Took the wife to work this morning and no way Aden was going to take the trip with us in this weather so he's at grandma's, so I guess I'll have to head up to Mikes for beer and cigars. That's just going to suck.:ss


----------



## DonJefe

ky toker said:


> :r It's a shame you can see how hard I'm actually laughing, Greg.
> 
> Took the wife to work this morning and no way Aden was going to take the trip with us in this weather so he's at grandma's, so I guess I'll have to head up to Mikes for beer and cigars. That's just going to suck.:ss


Laugh it up slapass! If certain people would answer their phone they might get invited to lunch.:tu


----------



## DonJefe

Need to start getting an idea of the number of attendees so we can get the Churchill Downs tickets bought. So, if you're attending add your name to the list:

Donjefe
Greg C
Opusxtasy
Spagg
Ky Toker


----------



## hollywood

DonJefe said:


> Need to start getting an idea of the number of attendees so we can get the Churchill Downs tickets bought.

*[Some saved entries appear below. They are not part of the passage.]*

Lemma lexn_trans : (forall x y z, lt x y -> lt y z -> lt x z) ->
  forall i j k, lexn i j -> lexn j k -> lexn i k.
Proof.
move=> tr [b1 n1] [b2 n2] [b3 n3]; rewrite /lexn /=.
move=> [l12|[-> l12]] [l23|[<- l23]]; [left; exact: tr l23|left|left|] => //.
by right; split; [|exact: ltn_trans l23].
Qed.

Lemma lexn_total : (forall x y, x <> y -> lt x y \/ lt y x) ->
  forall i j, i <> j -> lexn i j \/ lexn j i.
Proof.
move=> tot [b n] [b' n']; rewrite /lexn /=.
have [<-|/tot[bb' _|bb' _]] := pselect (b = b'); [|by left; left|by right; left].
case: (ltngtP n n') => [nn' _|nn' _|-> []//]; [by left; right|by right; right].
Qed.

End Lexicographic.

Lemma wf_choice (I : Type) (V : choiceType) (lt : I -> I -> Prop)
    (P : I -> (I -> V) -> V -> Prop) (v0 : V) : well_founded lt ->
  (forall j f g x, (forall i, lt i j -> f i = g i) -> P j f x -> P j g x) ->
  (forall j f, exists x, P j f x) -> exists q : I -> V, forall j, P j q (q j).
Proof.
move=> wf Pext Pex.
pose ext j (rec : forall i, lt i j -> V) i :=
  if pselect (lt i j) is left h then rec i h else v0.
pose F j rec := xget v0 [set x | P j (ext j rec) x].
pose q := Fix wf (fun _ => V) F.
have qE j : q j = F j (fun i _ => q i).
  rewrite /q Fix_eq // => j' f g fg; rewrite /F.
  suff -> : ext j' f = ext j' g by [].
  by apply/funext => i; rewrite /ext; case: pselect.
exists q => j; rewrite qE; apply: Pext (xgetPex v0 (Pex j _)) => i ij.
by rewrite /ext; case: pselect.
Qed.

Section LinearSpan.
Variables (K : numFieldType) (X : lmodType K).
Implicit Types (G B E U : set X) (s u : seq X).

Definition lin_span G : set X := [set x | exists s, [/\ uniq s,
  forall y, y \in s -> G y & exists f : X -> K, x = \sum_(y <- s) f y *: y]].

So, if you're attending add your name to the list:


Donjefe
Greg C
Opusxtasy
Spagg
Ky Toker
Hollywood

:ss


----------



## icehog3

Donjefe
Greg C
Opusxtasy
Spagg
Ky Toker
Hollywood
icehog3


----------



## The Dakotan

Donjefe
Greg C
Opusxtasy
Spagg
Ky Toker
Hollywood
icehog3
The Dakotan


----------



## Dandee

Donjefe
Greg C
Opusxtasy
Spagg
Ky Toker
Hollywood
icehog3
The Dakotan
Dandee


----------



## icehog3

Dandee said:


> Donjefe
> Greg C
> Opusxtasy
> Spagg
> Ky Toker
> Hollywood
> icehog3
> The Dakotan
> Dandee


SWEET! :tu


----------



## DonJefe

Some new guys coming to Luhvul!! :tu Where are the rest of you guys?!


----------



## smitdavi

The dates are what: june 26-28. I think i can do that. Count me in for now. Only a couple of hours from bloomington


----------



## DonJefe

Donjefe
Greg C
Opusxtasy
Spagg
Ky Toker
Hollywood
icehog3
The Dakotan
Dandee
Smitdavi


----------



## DETROITPHA357

PM sent.


----------



## Greg C

Where is our Land of Lincoln crew??

:tu


----------



## BengalMan

Put me down, I'll try to make it if I'm in the area.


----------



## OpusXtasy

So far so good. This is going to be one helluva herf. 

OX


----------



## DonJefe

Donjefe
Greg C
Opusxtasy
Spagg
Ky Toker
Hollywood
icehog3
The Dakotan
Dandee
Smitdavi
Bengalman


----------



## DETROITPHA357

I'll ask this question in the open. Will any1b bring any females?


----------



## DonJefe

Donjefe
Greg C
Opusxtasy
Spagg
Ky Toker
Hollywood
icehog3
The Dakotan
Dandee
Smitdavi
Bengalman
PuffDaddy
Drevim


----------



## MrBucket101

WOW, i did not know all these ppl lived in Lou, ky or damn near close...lived there all my life and never heard of anything like this

just to be a bit modest...how much would tickets to churchill downs cost, I'm game to hangout and chill some, but for starters...I'm only 19, and 2nd I'm a cheap ass


----------



## Greg C

MrBucket101 said:


> WOW, i did not know all these ppl lived in Lou, ky or damn near close...lived there all my life and never heard of anything like this
> 
> just to be a bit modest...how much would tickets to churchill downs cost, I'm game to hangout and chill some, but for starters...I'm only 19, and 2nd I'm a cheap ass


Maybe 5 to 6 bucks.


----------



## MrBucket101

Greg C said:


> Maybe 5 to 6 bucks.


really? i would have assumed they'd be alot more
... I'll need to think this over, i sort of just got into this stuff, so I wanna see if it sticks with me

PS. GO CARDS


----------



## Greg C

PS. GO CARDS


Yep. But watch out, we have some girly UK fans around here!


----------



## Greg C

DETROITPHA357 said:


> I'll ask this question in the open. Will any1b bring any females?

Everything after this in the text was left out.